= Gordon Balch Nevin =

Gordon Balch Nevin (19 May 1892 - 15 November 1943) was an American composer and organist. A member of the Nevin musical family of Edgeworth, Pennsylvania., his cousins were the composers Ethelbert and Arthur Nevin, and he was the son of composer and businessman George Balch Nevin. The Balch Family is one of the Colonial and Revolutionary Families of Pennsylvania.

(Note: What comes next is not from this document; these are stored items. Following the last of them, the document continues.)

(* There exist finitely presented amenable inverse monoids that are not sofic.
   Context: A monoid is a set with an associative binary operation admitting an identity element. A semigroup $S$ is an inverse semigroup if for every $s \in S$ there is a unique $x \in S$ with $s = sxs$ and $x = xsx$; an inverse monoid is an inverse semigroup that is a monoid. A monoid $M$ is amenable if there is a mean (a positive linear functional of norm one taking value $1$ on the constant function $1$) on $\ell^\infty(M)$ that is invariant under left and right translations by elements of $M$. For a non-empty finite set $X$, $\mathrm{Map}(X)$ denotes the monoid of all maps $X \to X$ under composition (identity $\mathrm{Id}_X$), with the Hamming metric $d_X(f,g) = |\{x \in X : f(x) \neq g(x)\}|/|X|$. For a monoid $M$, finite $K \subset M$ and $\varepsilon,\alpha>0$, a map $\varphi\colon M \to \mathrm{Map}(X)$ is a $(K,\varepsilon)$-morphism if $d_X(\varphi(k_1k_2),\varphi(k_1)\varphi(k_2)) \le \varepsilon$ for all $k_1,k_2 \in K$ and $d_X(\varphi(1_M),\mathrm{Id}_X) \le \varepsilon$; it is $(K,\alpha)$-injective if $d_X(\varphi(k_1),\varphi(k_2)) \ge \alpha$ for all distinct $k_1,k_2 \in K$. $M$ is sofic if for every finite $K \subset M$ and every $\varepsilon>0$ there exist a non-empty finite set $X$ and a $(K,1-\varepsilon)$-injective $(K,\varepsilon)$-morphism $\varphi\colon M \to \mathrm{Map}(X)$. *)

From mathcomp Require Import all_boot.
From Stdlib Require Import Reals.
From Stdlib Require List.

Set Implicit Arguments.
Unset Strict Implicit.
Unset Printing Implicit Defensive.

Record monoid := Monoid {
  mcarrier :> Type;
  mop : mcarrier -> mcarrier -> mcarrier;
  mone : mcarrier;
  mopA : forall x y z, mop x (mop y z) = mop (mop x y) z;
  mop1l : forall x, mop mone x = x;
  mop1r : forall x, mop x mone = x
}.

Arguments mop {m}.
Arguments mone {m}.

Definition is_inverse_monoid (M : monoid) : Prop :=
  forall s : M, exists! x : M, s = mop (mop s x) s /\ x = mop (mop x s) x.

Definition bounded_fun (M : Type) (f : M -> R) : Prop :=
  exists C : R, forall x, (Rabs (f x) <= C)%R.

(* A mean on l^oo(M): a positive linear functional of norm one with m(1) = 1.
   The functional is given on all of M -> R but only its values on bounded
   functions matter. Norm <= 1 is stated as |m f| <= C whenever |f| <= C;
   together with m 1 = 1 this means the norm is exactly one. *)
Definition is_mean (M : Type) (m : (M -> R) -> R) : Prop :=
  (forall f g, bounded_fun f -> bounded_fun g ->
     m (fun x => f x + g x)%R = (m f + m g)%R) /\
  (forall (a : R) f, bounded_fun f -> m (fun x => a * f x)%R = (a * m f)%R) /\
  (forall f, bounded_fun f -> (forall x, 0 <= f x)%R -> (0 <= m f)%R) /\
  (forall f (C : R), bounded_fun f -> (forall x, Rabs (f x) <= C)%R ->
     (Rabs (m f) <= C)%R) /\
  m (fun _ => 1%R) = 1%R.

Definition amenable (M : monoid) : Prop :=
  exists m : (M -> R) -> R, is_mean m /\
    forall (s : M) (f : M -> R), bounded_fun f ->
      m (fun x => f (mop s x)) = m f /\ m (fun x => f (mop x s)) = m f.

Definition hamming (X : finType) (f g : X -> X) : R :=
  (INR #|[pred x | f x != g x]| / INR #|X|)%R.

Definition KE_morphism (M : monoid) (X : finType) (K : list M) (eps : R)
  (phi : M -> X -> X) : Prop :=
  (forall k1 k2, List.In k1 K -> List.In k2 K ->
     (hamming (phi (mop k1 k2)) (fun x => phi k1 (phi k2 x)) <= eps)%R) /\
  (hamming (phi mone) (fun x => x) <= eps)%R.

Definition KA_injective (M : monoid) (X : finType) (K : list M) (alpha : R)
  (phi : M -> X -> X) : Prop :=
  forall k1 k2, List.In k1 K -> List.In k2 K -> k1 <> k2 ->
    (alpha <= hamming (phi k1) (phi k2))%R.

(* Sofic monoid. Finite subsets K of M are given by lists. *)
Definition sofic (M : monoid) : Prop :=
  forall (K : list M) (eps : R), (0 < eps)%R ->
    exists (X : finType) (phi : M -> X -> X),
      0 < #|X| /\ @KA_injective M X K (1 - eps)%R phi /\ @KE_morphism M X K eps phi.

Inductive thue_cong (T : Type) (rels : seq (seq T * seq T)) :
    seq T -> seq T -> Prop :=
  | thue_step u v a b : List.In (a, b) rels ->
      thue_cong rels (u ++ a ++ v) (u ++ b ++ v)
  | thue_refl w : thue_cong rels w w
  | thue_sym w1 w2 : thue_cong rels w1 w2 -> thue_cong rels w2 w1
  | thue_trans w1 w2 w3 : thue_cong rels w1 w2 -> thue_cong rels w2 w3 ->
      thue_cong rels w1 w3.

Definition eval_word (M : monoid) (n : nat) (gen : 'I_n -> M) (w : seq 'I_n) : M :=
  foldr (fun i acc => mop (gen i) acc) mone w.

Definition finitely_presented (M : monoid) : Prop :=
  exists (n : nat) (gen : 'I_n -> M) (rels : seq (seq 'I_n * seq 'I_n)),
    (forall s : M, exists w, eval_word gen w = s) /\
    (forall w1 w2, eval_word gen w1 = eval_word gen w2 <-> thue_cong rels w1 w2).

(* The witness is the bicyclic monoid with a zero adjoined, B0 = <p, q | p q = 1>
   together with an absorbing element 0.  It is an inverse monoid, and it is
   presented on the generators p, q, 0 by p q = 1 and the relations making 0
   absorbing.  The Dirac mean at the zero is invariant under both translations,
   so B0 is amenable.  It is not sofic because finite sets are quantitatively
   Dedekind-finite: if psi (chi x) = x for all but k points x of X, then
   chi (psi y) = y for all but k points y.  Applied to approximations of p and q,
   p q = 1 forces the approximation of q p to be close to that of 1, whereas
   q p <> 1 would require them to be almost everywhere different. *)
From Pilot Require Import Defs.
From mathcomp Require Import all_boot zify.
From Stdlib Require Import Reals Lra.

Set Implicit Arguments.
Unset Strict Implicit.
Unset Printing Implicit Defensive.

Lemma eval_word_cat (M : monoid) n (gen : 'I_n -> M) u v :
  eval_word gen (u ++ v) = mop (eval_word gen u) (eval_word gen v).
Proof.
elim: u => [|i u IH] /=; first by rewrite mop1l.
by rewrite IH mopA.
Qed.

Section ThuePresentation.

Variables (M : monoid) (n : nat) (gen : 'I_n -> M).
Variable rels : seq (seq 'I_n * seq 'I_n).

Lemma thue_cong_eval :
  (forall a b, List.In (a, b) rels -> eval_word gen a = eval_word gen b) ->
  forall w1 w2, thue_cong rels w1 w2 -> eval_word gen w1 = eval_word gen w2.
Proof.
move=> rels_sound w1 w2; elim=> [u v a b /rels_sound Eab | // | ?? _ -> // | ??? _ -> _ -> //].
by rewrite !eval_word_cat Eab.
Qed.

Lemma thue_cong_cons i w1 w2 :
  thue_cong rels w1 w2 -> thue_cong rels (i :: w1) (i :: w2).
Proof.
elim=> [u v a b rel_ab | w | ?? _ IH | ??? _ IH1 _ IH2].
- exact: (@thue_step _ rels (i :: u) v a b rel_ab).
- exact: thue_refl.
- exact: thue_sym IH.
- exact: thue_trans IH1 IH2.
Qed.

Lemma thue_cong_rule a b v :
  List.In (a, b) rels -> thue_cong rels (a ++ v) (b ++ v).
Proof. exact: (@thue_step _ rels [::]). Qed.

Lemma finitely_presented_by_normal_form (nf : M -> seq 'I_n) :
  (forall a b, List.In (a, b) rels -> eval_word gen a = eval_word gen b) ->
  (forall s, eval_word gen (nf s) = s) ->
  nf mone = [::] ->
  (forall i s, thue_cong rels (i :: nf s) (nf (mop (gen i) s))) ->
  finitely_presented M.
Proof.
move=> rels_sound eval_nf nf1 nf_cons.
have to_nf w : thue_cong rels w (nf (eval_word gen w)).
  elim: w => [|i w IH]; first by rewrite nf1; apply: thue_refl.
  exact: thue_trans (thue_cong_cons i IH) (nf_cons i _).
exists n, gen, rels; split=> [s | w1 w2]; first by exists (nf s).
split; last exact: thue_cong_eval.
move=> E; apply: thue_trans (to_nf w1) _.
by rewrite E; apply: thue_sym.
Qed.

End ThuePresentation.

Lemma amenable_of_zero (M : monoid) (z : M) :
  (forall s, mop z s = z) -> (forall s, mop s z = z) -> amenable M.
Proof.
move=> zs sz; exists (fun f => f z).
split; last by move=> s f _; rewrite zs sz.
by do !split=> // f *; apply.
Qed.

Section Hamming.

Variable X : finType.

Lemma hammingC (f g : X -> X) : hamming f g = hamming g f.
Proof.
by rewrite /hamming (@eq_card _ _ [pred x | g x != f x]) // => x; rewrite !inE eq_sym.
Qed.

Lemma hamming_triangle (f g h : X -> X) :
  (hamming f h <= hamming f g + hamming g h)%R.
Proof.
have card_le : #|[pred x | f x != h x]|
               <= #|[pred x | f x != g x]| + #|[pred x | g x != h x]|.
  rewrite -cardUI; apply: leq_trans (leq_addr _ _).
  apply: subset_leq_card; apply/subsetP => x /=; rewrite !inE.
  by case: (f x =P g x) => //= ->.
move/leP/le_INR: card_le; rewrite plus_INR /hamming /Rdiv -Rmult_plus_distr_r.
have [->|nX0] := Req_dec (INR #|X|) 0; first by rewrite Rinv_0; lra.
move=> card_le; apply: Rmult_le_compat_r card_le.
by apply/Rlt_le/Rinv_0_lt_compat; have := pos_INR #|X|; lra.
Qed.

(* chi is injective on the fixed points S of psi \o chi and maps them to fixed
   points of chi \o psi, so the latter are at least as many. *)
Lemma card_comp_neq_id (psi chi : X -> X) :
  #|[pred y | chi (psi y) != y]| <= #|[pred x | psi (chi x) != x]|.
Proof.
set S := [set x | psi (chi x) == x].
have chiS_fixed : chi @: S \subset [set y | chi (psi y) == y].
  apply/subsetP => _ /imsetP[x + ->]; rewrite !inE => /eqP fx.
  by rewrite fx.
have chiS_card : #|chi @: S| = #|S|.
  by apply: card_in_imset => x y; rewrite !inE => /eqP fx /eqP fy E; rewrite -fx -fy E.
have card_fixed (h : X -> X) :
    #|[set x | h x == x]| + #|[pred x | h x != x]| = #|X|.
  by rewrite -(cardC [set x | h x == x]); congr (_ + _); apply: eq_card => x; rewrite !inE.
have /= := card_fixed (fun y => chi (psi y)); have /= := card_fixed (fun x => psi (chi x)).
have := subset_leq_card chiS_fixed; rewrite chiS_card /S; lia.
Qed.

End Hamming.

Lemma not_sofic_of_one_sided_inverse (M : monoid) (a b : M) :
  mop a b = mone -> mop b a <> mone -> ~ sofic M.
Proof.
move=> ab1 ba_neq1 M_sofic.
(* With eps = 1/10, the triangle inequalities below put phi (b a) within 4 eps
   of phi 1, while injectivity puts it at least 1 - eps away. *)
have [X [phi [X_gt0 [phi_inj [phi_mul phi1]]]]] :=
  M_sofic [:: a; b; mone; mop b a] (1/10)%R ltac:(lra).
have near_ab := phi_mul a b ltac:(simpl; tauto) ltac:(simpl; tauto).
have near_ba := phi_mul b a ltac:(simpl; tauto) ltac:(simpl; tauto).
have far_ba := phi_inj (mop b a) mone ltac:(simpl; tauto) ltac:(simpl; tauto) ba_neq1.
rewrite ab1 in near_ab.
have swap : (hamming (fun x => phi b (phi a x)) (fun x => x)
             <= hamming (fun x => phi a (phi b x)) (fun x => x))%R.
  apply/Rmult_le_compat_r/le_INR/leP/card_comp_neq_id.
  exact/Rlt_le/Rinv_0_lt_compat/lt_0_INR/ltP.
have := hamming_triangle (phi (mop b a)) (fun x => phi b (phi a x)) (phi mone).
have := hamming_triangle (fun x => phi b (phi a x)) (fun x => x) (phi mone).
have := hamming_triangle (fun x => phi a (phi b x)) (phi mone) (fun x => x).
rewrite (hammingC (fun x => x)) (hammingC _ (phi mone)); lra.
Qed.

(* [Some (i, j)] encodes q^i p^j and [None] the zero; the product follows from
   p q = 1, which cancels min(j, k) letters in q^i p^j q^k p^l. *)
Definition bicyclic0_mul (s t : option (nat * nat)) : option (nat * nat) :=
  match s, t with
  | Some (i, j), Some (k, l) => Some (i + (k - minn j k), (j - minn j k) + l)
  | _, _ => None
  end.

Lemma bicyclic0_mulA : associative bicyclic0_mul.
Proof. by case=> [[i j]|] [[k l]|] [[m n]|] //=; congr (Some (_, _)); lia. Qed.

Lemma bicyclic0_mul1l : left_id (Some (0, 0)) bicyclic0_mul.
Proof. by case=> [[i j]|] //=; congr (Some (_, _)); lia. Qed.

Lemma bicyclic0_mul1r : right_id (Some (0, 0)) bicyclic0_mul.
Proof. by case=> [[i j]|] //=; congr (Some (_, _)); lia. Qed.

Definition bicyclic0 : monoid :=
  @Defs.Monoid _ bicyclic0_mul (Some (0, 0)) bicyclic0_mulA bicyclic0_mul1l bicyclic0_mul1r.

Lemma bicyclic0_inverse : is_inverse_monoid bicyclic0.
Proof.
case=> [[i j]|]; last by exists None; split=> // -[[k l]|] // [].
exists (Some (j, i)); split.
  by split; rewrite /mop /=; congr (Some (_, _)); lia.
case=> [[k l]|] [] //= [E1 E2] [E3 E4].
by congr (Some (_, _)); lia.
Qed.

Lemma bicyclic0_amenable : amenable bicyclic0.
Proof. by apply: (@amenable_of_zero bicyclic0 None) => -[[]|]. Qed.

Lemma bicyclic0_not_sofic : ~ sofic bicyclic0.
Proof. exact: (@not_sofic_of_one_sided_inverse bicyclic0 (Some (0, 1)) (Some (1, 0))). Qed.

Definition letter_p : 'I_3 := @Ordinal 3 0 isT.
Definition letter_q : 'I_3 := @Ordinal 3 1 isT.
Definition letter_z : 'I_3 := @Ordinal 3 2 isT.

Lemma ord3P (i : 'I_3) : [\/ i = letter_p, i = letter_q | i = letter_z].
Proof.
by case: i => -[|[|[|?]]] ? //; [constructor 1 | constructor 2 | constructor 3];
  apply: val_inj.
Qed.

Definition bicyclic0_gen (i : 'I_3) : bicyclic0 :=
  match val i with 0 => Some (0, 1) | 1 => Some (1, 0) | _ => None end.

Definition bicyclic0_rels : seq (seq 'I_3 * seq 'I_3) :=
  [:: ([:: letter_p; letter_q], [::]);
      ([:: letter_z; letter_p], [:: letter_z]); ([:: letter_p; letter_z], [:: letter_z]);
      ([:: letter_z; letter_q], [:: letter_z]); ([:: letter_q; letter_z], [:: letter_z]);
      ([:: letter_z; letter_z], [:: letter_z])].

Definition bicyclic0_nf (s : bicyclic0) : seq 'I_3 :=
  if s is Some (i, j) then nseq i letter_q ++ nseq j letter_p else [:: letter_z].

Local Notation cong := (thue_cong bicyclic0_rels).

Lemma bicyclic0_rels_sound a b : List.In (a, b) bicyclic0_rels ->
  eval_word bicyclic0_gen a = eval_word bicyclic0_gen b.
Proof. by rewrite /=; do ! case=> [[<- <-] //|]. Qed.

Lemma bicyclic0_eval_nf s : eval_word bicyclic0_gen (bicyclic0_nf s) = s.
Proof.
case: s => [[i j]|] //; rewrite eval_word_cat.
have -> : eval_word bicyclic0_gen (nseq i letter_q) = Some (i, 0).
  by elim: i => [|i /= ->] //=; congr (Some (_, _)); lia.
have -> : eval_word bicyclic0_gen (nseq j letter_p) = Some (0, j).
  by elim: j => [|j /= ->] //=; congr (Some (_, _)); lia.
by rewrite /=; congr (Some (_, _)); lia.
Qed.

Lemma zero_absorbs_letters g k w : g != letter_z ->
  cong (letter_z :: nseq k g ++ w) (letter_z :: w).
Proof.
move=> gNz; elim: k => [|k IH]; first exact: thue_refl.
apply: thue_trans IH; apply: (thue_cong_rule (a := [:: letter_z; g]) (b := [:: letter_z])).
by case: (ord3P g) gNz => -> //= _; auto 7.
Qed.

Lemma bicyclic0_nf_cons i s :
  cong (i :: bicyclic0_nf s) (bicyclic0_nf (mop (bicyclic0_gen i) s)).
Proof.
case: s => [[k l]|]; last first.
  case: (ord3P i) => ->;
    by apply: (thue_cong_rule (a := [:: _; letter_z]) (b := [:: letter_z]) [::]) => /=; auto 7.
case: (ord3P i) => ->.
- case: k => [|k].
    have -> : mop (bicyclic0_gen letter_p) (Some (0, l)) = Some (0, l.+1).
      by rewrite /=; congr (Some (_, _)); lia.
    exact: thue_refl.
  have -> : mop (bicyclic0_gen letter_p) (Some (k.+1, l)) = Some (k, l).
    by rewrite /=; congr (Some (_, _)); lia.
  by apply: (thue_cong_rule (a := [:: letter_p; letter_q]) (b := [::])) => /=; auto 7.
- have -> : mop (bicyclic0_gen letter_q) (Some (k, l)) = Some (k.+1, l).
    by rewrite /=; congr (Some (_, _)); lia.
  exact: thue_refl.
- apply: thue_trans (zero_absorbs_letters _ _ _) _ => //.
  by rewrite -[nseq l _]cats0; apply: zero_absorbs_letters.
Qed.

Lemma bicyclic0_finitely_presented : finitely_presented bicyclic0.
Proof.
apply: (finitely_presented_by_normal_form (rels := bicyclic0_rels) (nf := bicyclic0_nf)).
- exact: bicyclic0_rels_sound.
- exact: bicyclic0_eval_nf.
- by [].
- exact: bicyclic0_nf_cons.
Qed.

Theorem corollary5p5 :
  exists M : monoid,
    is_inverse_monoid M /\ finitely_presented M /\ amenable M /\ ~ sofic M.
Proof.
exists bicyclic0; split; first exact: bicyclic0_inverse.
split; first exact: bicyclic0_finitely_presented.
split; first exact: bicyclic0_amenable.
exact: bicyclic0_not_sofic.
Qed.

Nevin occupied the organist's chair at churches in Easton, Pennsylvania; Cleveland, Ohio; Johnstown, Pennsylvania; and he was organist of First Presbyterian Church in Greensburg, Pennsylvania, from 1918. Most of his compositions were for organ; he did, however, write a few secular songs, and among his published works are versions of several Stephen Foster songs. He was also a writer, publishing books on organ technique. He died in New Wilmington, Pennsylvania in 1943. His wife was the former Jessie Young of Johnstown, PA, a daughter of the Samuel E. and Elizabeth Rose Young Family and niece of US Congressman John Marshall Rose and grand-niece of W. Horace Rose, the 1st Mayor of Johnstown. Her Father, Samuel E. Young, was General Manager and Secretary of the Johnstown Passenger Railway Co.